→ DIRECTIONS:
Filter the entries for the word "assert". Copy each line in which it occurs.

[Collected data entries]
· · ·

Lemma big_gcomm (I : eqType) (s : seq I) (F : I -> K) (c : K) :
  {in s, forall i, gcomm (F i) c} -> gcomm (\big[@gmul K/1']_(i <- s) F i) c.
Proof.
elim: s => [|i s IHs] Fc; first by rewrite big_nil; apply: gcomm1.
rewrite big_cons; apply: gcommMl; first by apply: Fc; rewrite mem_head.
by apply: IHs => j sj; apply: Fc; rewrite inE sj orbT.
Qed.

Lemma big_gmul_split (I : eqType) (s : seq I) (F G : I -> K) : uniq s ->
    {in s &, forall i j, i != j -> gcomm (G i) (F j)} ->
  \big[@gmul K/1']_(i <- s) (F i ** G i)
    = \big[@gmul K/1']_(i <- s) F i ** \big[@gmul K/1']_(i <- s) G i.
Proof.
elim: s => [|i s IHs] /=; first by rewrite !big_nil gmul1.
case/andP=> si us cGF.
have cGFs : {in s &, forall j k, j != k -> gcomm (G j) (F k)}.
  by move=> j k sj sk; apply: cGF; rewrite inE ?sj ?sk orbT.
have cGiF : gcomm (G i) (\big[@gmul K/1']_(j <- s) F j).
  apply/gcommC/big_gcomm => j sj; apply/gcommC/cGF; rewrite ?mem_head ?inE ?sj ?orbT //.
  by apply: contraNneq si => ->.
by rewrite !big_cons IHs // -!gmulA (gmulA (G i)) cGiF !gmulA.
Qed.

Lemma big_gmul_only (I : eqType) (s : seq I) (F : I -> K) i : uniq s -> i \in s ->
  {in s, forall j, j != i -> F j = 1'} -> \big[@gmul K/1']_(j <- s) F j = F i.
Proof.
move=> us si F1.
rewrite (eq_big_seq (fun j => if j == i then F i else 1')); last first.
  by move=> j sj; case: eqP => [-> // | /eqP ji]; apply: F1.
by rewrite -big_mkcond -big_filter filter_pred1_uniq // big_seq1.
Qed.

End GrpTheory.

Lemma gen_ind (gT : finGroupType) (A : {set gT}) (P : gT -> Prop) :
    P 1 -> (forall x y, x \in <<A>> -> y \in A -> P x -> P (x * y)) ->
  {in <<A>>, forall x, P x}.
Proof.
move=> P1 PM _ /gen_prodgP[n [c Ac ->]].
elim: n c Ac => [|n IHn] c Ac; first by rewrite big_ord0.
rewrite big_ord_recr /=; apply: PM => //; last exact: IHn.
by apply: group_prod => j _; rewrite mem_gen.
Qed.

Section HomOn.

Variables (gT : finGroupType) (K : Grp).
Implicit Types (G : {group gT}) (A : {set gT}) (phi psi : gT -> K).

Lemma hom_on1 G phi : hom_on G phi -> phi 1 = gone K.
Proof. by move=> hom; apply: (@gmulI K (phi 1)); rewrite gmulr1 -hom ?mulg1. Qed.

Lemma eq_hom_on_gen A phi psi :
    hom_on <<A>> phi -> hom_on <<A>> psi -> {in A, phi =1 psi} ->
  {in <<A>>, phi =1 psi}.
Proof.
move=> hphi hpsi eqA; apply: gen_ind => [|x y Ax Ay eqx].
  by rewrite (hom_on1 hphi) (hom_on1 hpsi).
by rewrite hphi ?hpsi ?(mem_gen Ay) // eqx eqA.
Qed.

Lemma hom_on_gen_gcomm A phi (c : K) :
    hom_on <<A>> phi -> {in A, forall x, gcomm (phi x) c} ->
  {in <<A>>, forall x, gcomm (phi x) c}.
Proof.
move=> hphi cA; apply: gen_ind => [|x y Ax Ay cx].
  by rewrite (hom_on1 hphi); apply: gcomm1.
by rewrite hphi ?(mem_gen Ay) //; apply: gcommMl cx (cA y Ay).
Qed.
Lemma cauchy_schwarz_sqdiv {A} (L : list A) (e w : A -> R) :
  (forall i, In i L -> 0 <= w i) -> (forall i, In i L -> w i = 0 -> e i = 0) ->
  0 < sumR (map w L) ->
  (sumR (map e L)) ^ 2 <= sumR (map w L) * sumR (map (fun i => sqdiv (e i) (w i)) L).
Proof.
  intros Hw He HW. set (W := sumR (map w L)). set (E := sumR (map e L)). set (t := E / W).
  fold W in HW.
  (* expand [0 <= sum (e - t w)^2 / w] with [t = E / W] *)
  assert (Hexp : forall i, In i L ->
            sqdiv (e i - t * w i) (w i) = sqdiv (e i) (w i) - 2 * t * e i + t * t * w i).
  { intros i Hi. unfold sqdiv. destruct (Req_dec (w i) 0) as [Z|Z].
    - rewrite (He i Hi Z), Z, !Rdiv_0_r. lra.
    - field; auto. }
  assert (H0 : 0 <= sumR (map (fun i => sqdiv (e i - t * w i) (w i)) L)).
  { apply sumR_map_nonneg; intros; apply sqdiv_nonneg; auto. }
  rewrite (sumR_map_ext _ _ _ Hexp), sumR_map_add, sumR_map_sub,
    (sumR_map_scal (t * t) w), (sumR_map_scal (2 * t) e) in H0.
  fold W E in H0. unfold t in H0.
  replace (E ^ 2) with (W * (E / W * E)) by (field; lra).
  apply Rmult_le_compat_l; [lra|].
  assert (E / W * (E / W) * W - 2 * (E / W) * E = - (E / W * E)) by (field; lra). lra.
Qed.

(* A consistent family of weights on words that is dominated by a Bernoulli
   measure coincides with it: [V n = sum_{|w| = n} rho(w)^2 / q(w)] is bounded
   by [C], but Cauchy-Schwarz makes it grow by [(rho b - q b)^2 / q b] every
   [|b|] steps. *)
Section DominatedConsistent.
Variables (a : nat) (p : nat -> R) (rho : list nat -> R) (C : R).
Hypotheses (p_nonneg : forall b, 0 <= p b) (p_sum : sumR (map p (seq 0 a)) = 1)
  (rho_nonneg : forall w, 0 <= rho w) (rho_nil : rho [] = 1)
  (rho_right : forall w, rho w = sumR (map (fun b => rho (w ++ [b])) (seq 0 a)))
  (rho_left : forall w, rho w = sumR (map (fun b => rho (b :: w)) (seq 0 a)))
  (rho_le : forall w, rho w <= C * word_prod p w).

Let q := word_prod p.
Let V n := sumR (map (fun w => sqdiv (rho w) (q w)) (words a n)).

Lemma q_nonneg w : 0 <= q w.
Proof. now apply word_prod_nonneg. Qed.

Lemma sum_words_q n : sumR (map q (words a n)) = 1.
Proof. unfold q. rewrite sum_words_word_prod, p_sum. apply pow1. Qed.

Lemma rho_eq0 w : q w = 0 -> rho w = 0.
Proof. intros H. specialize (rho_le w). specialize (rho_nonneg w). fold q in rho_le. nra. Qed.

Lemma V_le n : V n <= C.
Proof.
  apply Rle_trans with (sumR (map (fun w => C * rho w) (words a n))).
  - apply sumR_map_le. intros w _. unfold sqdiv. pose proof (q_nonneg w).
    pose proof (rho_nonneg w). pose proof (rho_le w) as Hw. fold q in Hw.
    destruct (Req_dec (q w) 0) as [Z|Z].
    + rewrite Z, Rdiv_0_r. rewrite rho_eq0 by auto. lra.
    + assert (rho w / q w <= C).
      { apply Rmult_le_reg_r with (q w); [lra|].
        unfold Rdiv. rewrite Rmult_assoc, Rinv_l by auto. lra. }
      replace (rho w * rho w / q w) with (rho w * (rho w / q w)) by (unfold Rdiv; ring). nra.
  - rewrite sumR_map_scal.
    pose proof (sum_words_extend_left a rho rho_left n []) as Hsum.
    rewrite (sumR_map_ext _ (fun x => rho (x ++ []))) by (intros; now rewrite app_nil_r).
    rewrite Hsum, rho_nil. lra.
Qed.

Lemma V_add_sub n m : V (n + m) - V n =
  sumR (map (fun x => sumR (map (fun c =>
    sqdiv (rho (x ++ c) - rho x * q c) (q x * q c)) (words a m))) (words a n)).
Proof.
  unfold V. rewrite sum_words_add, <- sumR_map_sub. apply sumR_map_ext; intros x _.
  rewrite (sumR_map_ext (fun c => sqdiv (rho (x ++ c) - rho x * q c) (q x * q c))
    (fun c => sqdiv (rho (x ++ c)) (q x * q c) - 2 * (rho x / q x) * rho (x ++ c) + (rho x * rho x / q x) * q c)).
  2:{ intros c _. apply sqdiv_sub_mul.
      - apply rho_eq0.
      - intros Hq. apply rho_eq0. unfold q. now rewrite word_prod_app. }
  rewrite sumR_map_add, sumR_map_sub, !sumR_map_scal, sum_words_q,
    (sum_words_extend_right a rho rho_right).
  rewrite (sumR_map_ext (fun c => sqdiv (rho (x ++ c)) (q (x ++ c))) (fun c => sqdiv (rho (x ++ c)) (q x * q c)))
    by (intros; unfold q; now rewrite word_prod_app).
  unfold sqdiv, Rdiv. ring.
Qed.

· · ·

→ SOLUTION BELOW:
  assert (Hexp : forall i, In i L ->
  assert (H0 : 0 <= sumR (map (fun i => sqdiv (e i - t * w i) (w i)) L)).
  assert (E / W * (E / W) * W - 2 * (E / W) * E = - (E / W * E)) by (field; lra). lra.
    + assert (rho w / q w <= C).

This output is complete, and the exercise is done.